Despite Mortgage Crisis, The Resurrection Project Continues Outreach in Pilsen

Photo by Rima Thompson. Alex Morales speaks about The Resurrection Project at Depaul.

Alex Morales of The Resurrection Project (TRP) described a scene at a recent housing foreclosure fair.

It was held in the neighborhood of Pilsen where the community development organization was founded and continues to focus most of its resources.

A group of local homeowners seated at a table were joined by a mortgage lender from a major bank.

Morales said, “the lender was pretty happy to be there,” but when he sat down, all of the homeowners “left their seats with angry faces.”  Although Morales appeared to sympathized more with the residents than the lender, the story illustrated the residual pain resulting from the mortgage debacle.

“With the housing market conditions and consumer confidence down, it’s pretty difficult to sell a home or for some people to find the credit to purchase a home,” Morales said.

He claimed that sub-prime lenders offered adjustable rate mortgages to unqualified buyers without verifying income.  The result was a high number of Pilsen homeowners sitting on “ballooning” mortgage payments and limited options.

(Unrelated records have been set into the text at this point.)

Lemma exists_src_word (m : nat) (pi : 'S_m) : exists X : 'S_m.-1, src pi = word X.
Proof.
have size_w : size (take m.-1 (word pi)) = m.-1.
  by rewrite size_takel // size_word leq_pred.
have [X eq_X] := exists_red_word size_w (take_uniq _ (uniq_word pi)).
by exists X.
Qed.

Definition parallel_edges (m : nat) (pi : 'S_m) : {set 'S_m} :=
  [set t | (src t == src pi) && (tgt t == tgt pi)].

Lemma nedges_parallel (m : nat) (X Y : 'S_m.-1) (pi : 'S_m) :
  src pi = word X -> tgt pi = word Y -> nedges X Y = #|parallel_edges pi|.
Proof. by move=> src_pi tgt_pi; rewrite /nedges /parallel_edges src_pi tgt_pi. Qed.

Section Windows.

Variable n : nat.
Implicit Types s t : 'S_n.+2.

Lemma src_eqP s t : src s = src t <-> order_iso_on n.+1 (letter s) (letter t).
Proof.
rewrite /src red_eqP !size_takel ?size_word //; split=> [[_ iso_st] | iso_st].
  by move=> i j lt_i lt_j; move: (iso_st i j lt_i lt_j); rewrite !nth_take.
by split=> // i j lt_i lt_j; rewrite !nth_take //; apply: iso_st.
Qed.

Lemma tgt_eqP s t :
  tgt s = tgt t <-> order_iso_on n.+1 (fun i => letter s i.+1) (fun i => letter t i.+1).
Proof.
rewrite /tgt red_eqP !size_behead !size_word; split=> [[_ iso_st] | iso_st].
  by move=> i j lt_i lt_j; move: (iso_st i j lt_i lt_j); rewrite !nth_behead.
by split=> // i j lt_i lt_j; rewrite !nth_behead; apply: iso_st.
Qed.

Lemma letter_inj_init s i j : i < n.+1 -> j < n.+1 -> letter s i = letter s j -> i = j.
Proof. by move=> /ltnW lt_i /ltnW lt_j; apply: letter_inj. Qed.

Lemma letter_inj_tail s i j :
  i < n.+1 -> j < n.+1 -> letter s i.+1 = letter s j.+1 -> i = j.
Proof. by move=> lt_i lt_j /letter_inj-/(_ lt_i lt_j) []. Qed.

End Windows.

Lemma ltn_skip_succ (a v : nat) : v != a -> v != a.+1 ->
  ((a < v) = (a.+1 < v)) * ((v < a) = (v < a.+1)).
Proof. by move=> /eqP ne_va /eqP ne_vSa; split; apply/idP/idP; lia. Qed.

Lemma ltn_bump2 (h : nat) : {mono bump h : i j / i < j}.
Proof. by move=> i j; rewrite !ltnNge leq_bump2. Qed.

Section Ends.

Variable n : nat.
Implicit Types s t : 'S_n.+2.

Definition adjacent_ends s := letter s n.+1 = (letter s 0).+1.

Lemma adjacent_ends_ltn_mid s j : adjacent_ends s -> 0 < j -> j < n.+1 ->
  ((letter s 0 < letter s j) = (letter s n.+1 < letter s j)) *
  ((letter s j < letter s 0) = (letter s j < letter s n.+1)).
Proof.
move=> adj_s lt0j ltjn; have ltj : j < n.+2 by exact: ltnW.
rewrite adj_s; apply: ltn_skip_succ; rewrite -?adj_s; apply/eqP.
  by move=> /(letter_inj ltj (ltn0Sn _)) eq_j0; rewrite eq_j0 in lt0j.
by move=> /(letter_inj ltj (ltnSn _)) eq_jn; rewrite eq_jn ltnn in ltjn.
Qed.

Lemma eq_of_src_tgt_ends s t : src s = src t -> tgt s = tgt t ->
  (letter s 0 < letter s n.+1) = (letter t 0 < letter t n.+1) -> s = t.
Proof.
move=> /src_eqP iso_src /tgt_eqP iso_tgt ends_st.
apply/eq_perm_of_order_iso/order_iso_on_ltn; try exact: letter_inj.
move=> [|i] j lt_ij lt_j.
  case: (ltnP j n.+1) => [lt_jn | le_nj]; first exact: iso_src.
  by have -> : j = n.+1 by lia.
case: j lt_ij lt_j => // j lt_ij lt_j.
by apply: iso_tgt; lia.
Qed.

Lemma adjacent_ends_of_opposite s t : src s = src t -> tgt s = tgt t ->
  letter s 0 < letter s n.+1 -> ~~ (letter t 0 < letter t n.+1) -> adjacent_ends s.
Proof.
move=> /src_eqP iso_src /tgt_eqP iso_tgt lt_s not_lt_t.
apply/eqP; rewrite eqn_leq lt_s andbT leqNgt; apply/negP => gap.
have lt_v : (letter s 0).+1 < n.+2 by exact: ltn_trans gap (letter_ltn s (ltnSn _)).
(* The value after [letter s 0] sits at a middle position k, and the two
   windows carry [letter s 0 < letter s k < letter s n.+1] over to t. *)
have [[|k] lt_k sk] := letter_surj s lt_v; first by lia.
have ne_kn : k != n by apply: contraTneq gap => eq_kn; rewrite -sk eq_kn ltnn.
have lt_kn : k < n by lia.
have lt_t0k : letter t 0 < letter t k.+1 by rewrite -iso_src ?sk //; lia.
have lt_tkn : letter t k.+1 < letter t n.+1 by rewrite -(iso_tgt k n) ?sk //; lia.
by rewrite (ltn_trans lt_t0k lt_tkn) in not_lt_t.
Qed.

In response, The Resurrection Project – the Pilsen neighborhood community development organization – began the Neighborhood Stabilization Program, which established partnerships with organizations certified to re-negotiate loans with the goal of keeping residents in their homes.  They also purchased homes from struggling families and allowed them to rent with the potential of future ownership.

“We were reacting to the problem,” Morales explained.

The Resurrection Project’s own financial situation was also affected by the  housing crisis.  In response to a growing number of vacant lots in Pilsen, they began investing in properties.  They created affordable homes, some that Morales now claimed they were “stuck with.”  Nevertheless, the organization boasts several successful ventures in affordable housing including Casa Morelo and Casa Maravilla.

Although The Resurrection Project still makes 50 percent of its revenue from rental income, Morales explained that “holistic development” in human capital will be a central focus in the years to come.  It appears that the homeowners at the foreclosure fair won’t be the only ones walking away from mortgage lenders in Pilsen.

Perhaps in response to the housing mess, Morales explained that they were changing direction.

“We are looking not to brick and mortar, but human capital,” he said.  “We are investing in people.”

Although The Resurrection Project continues to work on loan modifications and affordable housing, two career development programs will have Morales looking to a more promising future.  In cooperation with Mujeres Latinas En Accion, The organization will help single mothers go to school and pursue successful careers.

They have also built La Casa – an affordable dorm for college students in the predominantly Latino neighborhood.

Morales hopes this dorm will help “create the next wave of community leaders.”